→ **YOUR ASSIGNMENT**
In the records below, some lines hold the word "contrapT". Copy each of those lines.

── MATERIAL FOR THIS EXERCISE ──

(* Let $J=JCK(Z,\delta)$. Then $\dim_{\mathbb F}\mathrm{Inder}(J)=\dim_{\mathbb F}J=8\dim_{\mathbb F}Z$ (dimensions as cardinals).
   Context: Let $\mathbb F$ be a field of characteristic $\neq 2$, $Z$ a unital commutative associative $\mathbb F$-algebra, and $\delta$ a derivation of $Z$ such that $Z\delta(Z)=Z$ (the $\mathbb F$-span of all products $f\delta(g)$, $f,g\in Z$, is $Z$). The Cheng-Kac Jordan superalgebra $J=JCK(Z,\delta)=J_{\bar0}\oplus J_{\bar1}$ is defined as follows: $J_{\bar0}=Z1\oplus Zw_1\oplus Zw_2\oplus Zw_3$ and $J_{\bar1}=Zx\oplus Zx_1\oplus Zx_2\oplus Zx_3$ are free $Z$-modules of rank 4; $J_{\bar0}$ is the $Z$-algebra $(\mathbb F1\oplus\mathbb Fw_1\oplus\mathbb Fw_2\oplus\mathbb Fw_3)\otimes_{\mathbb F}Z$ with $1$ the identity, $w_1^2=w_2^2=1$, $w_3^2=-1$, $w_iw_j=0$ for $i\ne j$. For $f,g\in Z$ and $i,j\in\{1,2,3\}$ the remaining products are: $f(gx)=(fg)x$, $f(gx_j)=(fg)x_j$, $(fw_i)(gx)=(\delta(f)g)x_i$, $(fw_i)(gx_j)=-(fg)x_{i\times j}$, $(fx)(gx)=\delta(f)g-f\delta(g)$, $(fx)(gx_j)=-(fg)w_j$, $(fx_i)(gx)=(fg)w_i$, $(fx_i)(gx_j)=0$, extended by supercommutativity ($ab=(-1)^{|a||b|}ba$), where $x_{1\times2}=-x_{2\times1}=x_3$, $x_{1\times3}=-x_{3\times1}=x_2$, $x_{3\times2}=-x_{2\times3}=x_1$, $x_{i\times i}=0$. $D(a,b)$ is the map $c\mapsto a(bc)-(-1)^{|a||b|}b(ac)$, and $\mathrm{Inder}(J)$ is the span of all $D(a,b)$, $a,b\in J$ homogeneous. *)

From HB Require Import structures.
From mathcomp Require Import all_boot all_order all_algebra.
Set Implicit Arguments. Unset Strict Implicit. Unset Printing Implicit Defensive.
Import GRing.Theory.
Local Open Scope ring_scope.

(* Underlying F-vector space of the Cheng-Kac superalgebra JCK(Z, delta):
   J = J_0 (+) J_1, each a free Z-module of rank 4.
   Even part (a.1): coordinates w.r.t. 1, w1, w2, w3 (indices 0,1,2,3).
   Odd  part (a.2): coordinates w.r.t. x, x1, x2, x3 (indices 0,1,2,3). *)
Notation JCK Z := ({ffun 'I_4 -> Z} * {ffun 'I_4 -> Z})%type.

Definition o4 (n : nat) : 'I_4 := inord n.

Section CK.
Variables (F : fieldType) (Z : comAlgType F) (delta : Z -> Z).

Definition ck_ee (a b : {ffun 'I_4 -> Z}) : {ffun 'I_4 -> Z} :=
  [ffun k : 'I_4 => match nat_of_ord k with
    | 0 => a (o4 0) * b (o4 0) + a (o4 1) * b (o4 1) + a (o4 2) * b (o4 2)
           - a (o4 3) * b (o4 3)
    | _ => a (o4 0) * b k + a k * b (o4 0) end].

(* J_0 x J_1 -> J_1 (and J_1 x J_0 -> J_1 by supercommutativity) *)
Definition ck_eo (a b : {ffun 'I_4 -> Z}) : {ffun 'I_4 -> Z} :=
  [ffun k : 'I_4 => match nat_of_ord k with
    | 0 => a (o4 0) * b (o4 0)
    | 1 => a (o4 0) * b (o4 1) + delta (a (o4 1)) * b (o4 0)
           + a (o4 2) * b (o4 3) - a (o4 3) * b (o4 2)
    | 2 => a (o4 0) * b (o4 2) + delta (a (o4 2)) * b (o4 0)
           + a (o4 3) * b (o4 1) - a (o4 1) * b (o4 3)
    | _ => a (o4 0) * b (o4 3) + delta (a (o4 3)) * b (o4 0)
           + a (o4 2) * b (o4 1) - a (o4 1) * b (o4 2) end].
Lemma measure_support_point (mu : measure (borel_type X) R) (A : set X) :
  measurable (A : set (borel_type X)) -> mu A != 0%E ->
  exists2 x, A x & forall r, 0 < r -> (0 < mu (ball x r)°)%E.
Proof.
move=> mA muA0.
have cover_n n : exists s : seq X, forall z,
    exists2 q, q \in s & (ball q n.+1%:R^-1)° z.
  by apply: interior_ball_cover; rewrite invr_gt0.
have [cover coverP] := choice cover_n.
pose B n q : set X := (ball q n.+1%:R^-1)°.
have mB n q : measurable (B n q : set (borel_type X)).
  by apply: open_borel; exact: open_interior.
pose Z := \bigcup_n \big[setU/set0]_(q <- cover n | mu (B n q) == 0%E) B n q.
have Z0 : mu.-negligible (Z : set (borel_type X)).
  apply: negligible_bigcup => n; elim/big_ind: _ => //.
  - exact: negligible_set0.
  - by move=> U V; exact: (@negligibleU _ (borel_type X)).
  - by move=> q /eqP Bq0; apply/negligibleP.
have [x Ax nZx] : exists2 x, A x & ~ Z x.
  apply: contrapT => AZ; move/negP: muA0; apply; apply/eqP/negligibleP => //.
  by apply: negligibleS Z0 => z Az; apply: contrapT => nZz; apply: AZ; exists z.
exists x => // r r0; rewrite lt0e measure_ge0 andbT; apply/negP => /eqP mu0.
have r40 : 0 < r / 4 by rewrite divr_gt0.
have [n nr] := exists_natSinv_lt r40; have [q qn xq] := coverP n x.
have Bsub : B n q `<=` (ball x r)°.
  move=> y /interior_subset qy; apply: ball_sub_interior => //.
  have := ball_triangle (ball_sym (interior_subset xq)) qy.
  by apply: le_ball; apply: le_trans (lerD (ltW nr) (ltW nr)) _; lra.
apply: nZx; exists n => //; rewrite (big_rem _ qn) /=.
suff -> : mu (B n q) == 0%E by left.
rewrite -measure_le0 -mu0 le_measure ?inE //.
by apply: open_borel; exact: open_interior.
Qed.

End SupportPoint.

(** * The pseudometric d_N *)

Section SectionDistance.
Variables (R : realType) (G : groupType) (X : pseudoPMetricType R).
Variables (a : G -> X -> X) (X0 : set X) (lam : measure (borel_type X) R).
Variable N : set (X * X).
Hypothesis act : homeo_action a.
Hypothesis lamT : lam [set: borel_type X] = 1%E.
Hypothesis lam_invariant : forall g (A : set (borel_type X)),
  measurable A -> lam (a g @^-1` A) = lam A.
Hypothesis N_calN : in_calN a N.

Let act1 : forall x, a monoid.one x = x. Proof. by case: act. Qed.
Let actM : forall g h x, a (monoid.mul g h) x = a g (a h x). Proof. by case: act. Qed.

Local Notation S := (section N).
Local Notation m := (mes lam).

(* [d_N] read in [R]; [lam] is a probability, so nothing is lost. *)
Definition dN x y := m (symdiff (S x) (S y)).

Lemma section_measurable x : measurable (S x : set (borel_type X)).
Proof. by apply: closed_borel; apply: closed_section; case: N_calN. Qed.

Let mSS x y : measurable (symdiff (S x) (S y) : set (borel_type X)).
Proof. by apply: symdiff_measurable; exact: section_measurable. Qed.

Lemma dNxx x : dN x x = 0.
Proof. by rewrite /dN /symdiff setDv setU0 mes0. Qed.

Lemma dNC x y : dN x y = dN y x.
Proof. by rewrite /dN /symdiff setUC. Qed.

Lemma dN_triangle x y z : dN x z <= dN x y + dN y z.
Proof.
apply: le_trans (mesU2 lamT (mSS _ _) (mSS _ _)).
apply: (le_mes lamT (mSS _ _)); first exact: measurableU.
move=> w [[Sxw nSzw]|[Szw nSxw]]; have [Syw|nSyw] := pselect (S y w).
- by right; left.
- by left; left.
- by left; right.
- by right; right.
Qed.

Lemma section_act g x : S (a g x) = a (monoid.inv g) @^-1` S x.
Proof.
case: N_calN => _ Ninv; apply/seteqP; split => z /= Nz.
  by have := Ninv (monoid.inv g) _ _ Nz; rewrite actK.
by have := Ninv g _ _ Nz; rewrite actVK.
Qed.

───

→ **RESULT**
  apply: contrapT => AZ; move/negP: muA0; apply; apply/eqP/negligibleP => //.
  by apply: negligibleS Z0 => z Az; apply: contrapT => nZz; apply: AZ; exists z.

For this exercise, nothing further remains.